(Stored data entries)
§ §
(* The L1 distance from [p] to the curve is continuous, so it attains its
   minimum on [0, 1], which is positive. *)
Lemma curve_avoid_locally (c : R -> point) p :
  (forall t, continuous c t) -> (forall t, in01 t -> c t <> p) ->
  locally p (fun q => forall t, in01 t -> c t <> q).
Proof.
move=> cc avoid.
pose d t := Rabs (fst (c t) - fst p) + Rabs (snd (c t) - snd p).
have d_cont t : continuity_pt d t.
  apply/continuity_pt_filterlim.
  apply: (continuous_plus (fun t => Rabs (fst (c t) - fst p))
                          (fun t => Rabs (snd (c t) - snd p))).
  - apply: continuous_Rabs_comp.
    apply: (continuous_minus (fun t => fst (c t)) (fun _ => fst p)).
    + exact: continuous_fst_comp.
    + exact: continuous_const.
  - apply: continuous_Rabs_comp.
    apply: (continuous_minus (fun t => snd (c t)) (fun _ => snd p)).
    + exact: continuous_snd_comp.
    + exact: continuous_const.
have [tm [d_min tm01]] := continuity_ab_min d 0 1 ltac:(lra) (fun t _ => d_cont t).
have d_pos : 0 < d tm.
  apply: Rnot_le_lt => d0; apply: (avoid tm tm01).
  have := Rabs_pos (fst (c tm) - fst p); have := Rabs_pos (snd (c tm) - snd p).
  rewrite /d in d0 => ? ?.
  have /Rabs_eq_0 e1 : Rabs (fst (c tm) - fst p) = 0 by lra.
  have /Rabs_eq_0 e2 : Rabs (snd (c tm) - snd p) = 0 by lra.
  by apply: injective_projections; lra.
have half_pos : 0 < d tm / 2 by lra.
exists (mkposreal _ half_pos) => q [/= bq1 bq2] t t01 ctq.
move: bq1 bq2 (d_min t t01).
by rewrite /d ctq /ball /= /AbsRing_ball /abs /minus /plus /opp /= /Rminus; lra.
Qed.

Lemma closed_set_has_min (S : R -> Prop) lo x : S x -> (forall s, S s -> lo <= s) ->
  (forall y, ~ S y -> locally y (fun z => ~ S z)) ->
  exists m, S m /\ forall s, S s -> m <= s.
Proof.
move=> Sx lo_le S_closed.
have bounded : bound (fun y => S (- y)).
  by exists (- lo) => y /lo_le; lra.
have inhabited : exists y, S (- y) by exists (- x); rewrite Ropp_involutive.
have [m' [m'_ub m'_lub]] := completeness _ bounded inhabited.
have m_le s : S s -> - m' <= s.
  by move=> Ss; have := m'_ub (- s); rewrite Ropp_involutive => /(_ Ss); lra.
exists (- m'); split => //; apply: NNPP => nS.
have [eps avoid] := S_closed _ nS.
have [s [Ss s_lt]] : exists s, S s /\ s < - m' + eps.
  apply: NNPP => none; have : m' <= m' - eps; last by have := cond_pos eps; lra.
  apply: m'_lub => y Sy; apply: Rnot_lt_le => y_gt; apply: none.
  by exists (- y); split => //; lra.
apply: (avoid s _ Ss); have := m_le s Ss => m_le_s.
by rewrite /ball /= /AbsRing_ball /abs /minus /plus /opp /= Rabs_right; lra.
Qed.

Lemma first_hit (al be : R -> point) :
  (forall t, continuous al t) -> (forall t, continuous be t) -> al 1 = be 0 ->
  exists s0 t0, [/\ in01 s0, in01 t0, al s0 = be t0 &
    forall s t, in01 s -> in01 t -> al s = be t -> s0 <= s].
Proof.
move=> al_cont be_cont hit1.
pose S s := 0 <= s /\ exists t, in01 t /\ al s = be t.
have S1 : S 1 by split; [lra | exists 0; split; [rewrite /in01; lra | ]].
have S_closed y : ~ S y -> locally y (fun z => ~ S z).
  move=> nSy; case: (Rlt_le_dec y 0) => [y_lt | y_ge].
    by move: (open_lt _ _ y_lt); apply: filter_imp => z z_lt [? _]; lra.
  have avoid t : in01 t -> be t <> al y by move=> t01 e; apply: nSy; split => //; exists t.
  have : locally y (fun z => forall t, in01 t -> be t <> al z).
    exact: al_cont y _ (curve_avoid_locally be_cont avoid).
  apply: filter_imp.
  by move=> z /= not_hit [_ [t [t01 e]]]; apply: not_hit t01 (esym e).
have S_ge0 s : S s -> 0 <= s by case.
have [m [[m0 [t0 [t01 hit]]] m_min]] := closed_set_has_min S1 S_ge0 S_closed.
exists m, t0; split => //.
- by split => //; apply: m_min.
- by move=> s t [s0 _] t01' e; apply: m_min; split => //; exists t.
Qed.

(* Follow [al] until it first meets [be], then follow [be]. *)
Lemma arc_concat I J al be a b c : simple_arc I al a b -> simple_arc J be b c -> a <> c ->
  exists ga, simple_arc (fun p => I p \/ J p) ga a c.
Proof.
move=> A B ac.
have [s0 [t0 [[s0_ge s0_le] [t0_ge t0_le] hit first]]] :=
  first_hit (arc_cont A) (arc_cont B) (etrans (arc_end A) (esym (arc_start B))).
have al0 : al 0 = a := arc_start A; have be1 : be 1 = c := arc_end B.
case: (Req_dec s0 0) => [s00 | s0_ne].
  have hit_a : be t0 = a by rewrite -hit s00.
  have t0_lt : t0 < 1.
    by case: (Rle_lt_or_eq_dec _ _ t0_le) => // t01; case: ac; rewrite -hit_a -be1 t01.
  exists (fun t => be (t0 + (1 - t0) * t)); apply: (arc_weaken (I := J)); first by right.
  by rewrite -hit_a -be1; apply: (arc_restrict _ _ B); lra.
have A' : simple_arc I (fun t => al (0 + (s0 - 0) * t)) a (be t0).
  by rewrite -al0 -hit; apply: (arc_restrict _ _ A); lra.
case: (Req_dec t0 1) => [t01 | t0_ne].
  by eexists; rewrite -be1 -t01; apply: arc_weaken A' => p; left.
have B' : simple_arc J (fun t => be (t0 + (1 - t0) * t)) (be t0) c.
  by rewrite -be1; apply: (arc_restrict _ _ B); lra.
eexists; apply: (arc_join A' B') => s t [s_ge s_le] [t_ge t_le] e.
have s_in : in01 (0 + (s0 - 0) * s) by split; nra.
have t_in : in01 (t0 + (1 - t0) * t) by split; nra.
have s1 : s = 1 by have := first _ _ s_in t_in e; nra.
split => //; move: e; rewrite s1 (_ : 0 + (s0 - 0) * 1 = s0); last ring.
by rewrite hit => /(arc_inj B (conj t0_ge t0_le) t_in); nra.
Qed.

(** * Paths and their drawings *)

Lemma set2_orient (T : finType) (x y u v : T) : x != y -> [set x; y] = [set u; v] ->
  (u = x /\ v = y) \/ (u = y /\ v = x).
Proof.
move=> xy E.
have /set2P [ux | uy] : u \in [set x; y] by rewrite E set21.
- subst u; have /set2P [yx | ->] : y \in [set x; v] by rewrite -E set22.
    by rewrite yx eqxx in xy.
  by left.
- subst u; have /set2P [xy' | ->] : x \in [set y; v] by rewrite -E set21.
    by rewrite xy' eqxx in xy.
  by right.
Qed.

Lemma set2_eq_of_mem (T : finType) (u v w1 w2 : T) :
  w1 \in [set u; v] -> w2 \in [set u; v] -> w1 != w2 -> [set u; v] = [set w1; w2].
Proof.
move=> h1 h2 n; apply/eqP; rewrite eq_sym eqEcard; apply/andP; split.
  by apply/subsetP => x /set2P [-> | ->].
by rewrite !cards2 n; case: (u != v).
Qed.

Fixpoint path_edges (T : finType) (x : T) (s : seq T) : seq {set T} :=
  if s is y :: s' then [set x; y] :: path_edges y s' else [::].

Lemma size_path_edges (T : finType) (x : T) s : size (path_edges x s) = size s.
Proof. by elim: s x => [|y s IH] x //=; rewrite IH. Qed.

Lemma path_edges_sub (T : finType) (x : T) s e :
  e \in path_edges x s -> {subset e <= x :: s}.
Proof.
elim: s x => [|y s IH] x //=; rewrite inE => /orP [/eqP -> z /set2P [-> | ->] | /IH sub z /sub].
- exact: mem_head.
- by rewrite !inE eqxx orbT.
- by move=> zs; rewrite in_cons zs orbT.
Qed.

Lemma is_edge_set2 (G : sgraph) (u v : gV G) : gadj u v -> is_edge [set u; v].
Proof. by move=> uv; apply/existsP; exists u; apply/existsP; exists v; rewrite uv eqxx. Qed.

Lemma is_edge_neq (G : sgraph) (A : {set gV G}) u v : is_edge A -> A = [set u; v] -> u != v.
Proof.
move=> /existsP [a /existsP [b /andP [ab /eqP Eab]]] E; apply: contraTneq ab => uv.
move: Eab; rewrite E -uv setUid => Eab.
have /set1P -> : a \in [set u] by rewrite Eab set21.
have /set1P -> : b \in [set u] by rewrite Eab set22.
by rewrite girr.
Qed.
§ §
> **Problem statement**: Could you write out, exactly, each line of the data above from the one containing "Lemma is_edge_set2 (G" through the last, including both?

> **Your solution**:
Lemma is_edge_set2 (G : sgraph) (u v : gV G) : gadj u v -> is_edge [set u; v].
Proof. by move=> uv; apply/existsP; exists u; apply/existsP; exists v; rewrite uv eqxx. Qed.

Lemma is_edge_neq (G : sgraph) (A : {set gV G}) u v : is_edge A -> A = [set u; v] -> u != v.
Proof.
move=> /existsP [a /existsP [b /andP [ab /eqP Eab]]] E; apply: contraTneq ab => uv.
move: Eab; rewrite E -uv setUid => Eab.
have /set1P -> : a \in [set u] by rewrite Eab set21.
have /set1P -> : b \in [set u] by rewrite Eab set22.
by rewrite girr.
Qed.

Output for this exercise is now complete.